TASK OBJECTIVE: Every line from the one containing "exists m. specialize" to the end of the records below, written out word for word, is the whole answer.

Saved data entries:
______

Lemma small_inv_pow2 e : 0 < e -> exists m : nat, / 2 ^ m < e.
Proof.
  intro he. destruct (pow_lt_1_zero (/ 2)) with (y := e) as [m hm]; auto.
  { rewrite Rabs_pos_eq; lra. }
  exists m. specialize (hm m (le_n m)). rewrite pow_inv in hm.
  rewrite Rabs_pos_eq in hm; auto. left. apply Rinv_0_lt_compat, pow_lt. lra.
Qed.

Lemma gadd0r (G : AbGroup) (x : G) : gadd x gzero = x.
Proof. rewrite gaddC; apply gadd0. Qed.

Lemma gaddNr (G : AbGroup) (x : G) : gadd x (gopp x) = gzero.
Proof. rewrite gaddC; apply gaddN. Qed.

Lemma gadd_swap (G : AbGroup) (a b c d : G) :
  gadd (gadd a b) (gadd c d) = gadd (gadd a c) (gadd b d).
Proof. rewrite <- !gaddA. f_equal. rewrite !gaddA. f_equal. apply gaddC. Qed.

Lemma gopp_unique (G : AbGroup) (a b : G) : gadd a b = gzero -> a = gopp b.
Proof.
  intro h. transitivity (gadd a (gadd b (gopp b))).
  - rewrite gaddNr, gadd0r. reflexivity.
  - rewrite gaddA, h, gadd0. reflexivity.
Qed.

Lemma hom0 (H G : AbGroup) (f : H -> G) : is_hom H G f -> f gzero = gzero.
Proof.
  intro hf. assert (e : f gzero = gadd (f gzero) (f gzero)) by (rewrite <- hf, gadd0; reflexivity).
  transitivity (gadd (gopp (f gzero)) (gadd (f gzero) (f gzero))).
  - rewrite gaddA, gaddN, gadd0. reflexivity.
  - rewrite <- e. apply gaddN.
Qed.

Lemma hom_opp (H G : AbGroup) (f : H -> G) x : is_hom H G f -> f (gopp x) = gopp (f x).
Proof. intro hf. apply gopp_unique. rewrite <- hf, gaddN. apply hom0; auto. Qed.

Fixpoint dbl (G : AbGroup) (j : nat) (x : G) : G :=
  match j with O => x | S j => gadd (dbl G j x) (dbl G j x) end.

______

THE ANSWER:
  exists m. specialize (hm m (le_n m)). rewrite pow_inv in hm.
  rewrite Rabs_pos_eq in hm; auto. left. apply Rinv_0_lt_compat, pow_lt. lra.
Qed.

Lemma gadd0r (G : AbGroup) (x : G) : gadd x gzero = x.
Proof. rewrite gaddC; apply gadd0. Qed.

Lemma gaddNr (G : AbGroup) (x : G) : gadd x (gopp x) = gzero.
Proof. rewrite gaddC; apply gaddN. Qed.

Lemma gadd_swap (G : AbGroup) (a b c d : G) :
  gadd (gadd a b) (gadd c d) = gadd (gadd a c) (gadd b d).
Proof. rewrite <- !gaddA. f_equal. rewrite !gaddA. f_equal. apply gaddC. Qed.

Lemma gopp_unique (G : AbGroup) (a b : G) : gadd a b = gzero -> a = gopp b.
Proof.
  intro h. transitivity (gadd a (gadd b (gopp b))).
  - rewrite gaddNr, gadd0r. reflexivity.
  - rewrite gaddA, h, gadd0. reflexivity.
Qed.

Lemma hom0 (H G : AbGroup) (f : H -> G) : is_hom H G f -> f gzero = gzero.
Proof.
  intro hf. assert (e : f gzero = gadd (f gzero) (f gzero)) by (rewrite <- hf, gadd0; reflexivity).
  transitivity (gadd (gopp (f gzero)) (gadd (f gzero) (f gzero))).
  - rewrite gaddA, gaddN, gadd0. reflexivity.
  - rewrite <- e. apply gaddN.
Qed.

Lemma hom_opp (H G : AbGroup) (f : H -> G) x : is_hom H G f -> f (gopp x) = gopp (f x).
Proof. intro hf. apply gopp_unique. rewrite <- hf, gaddN. apply hom0; auto. Qed.

Fixpoint dbl (G : AbGroup) (j : nat) (x : G) : G :=
  match j with O => x | S j => gadd (dbl G j x) (dbl G j x) end.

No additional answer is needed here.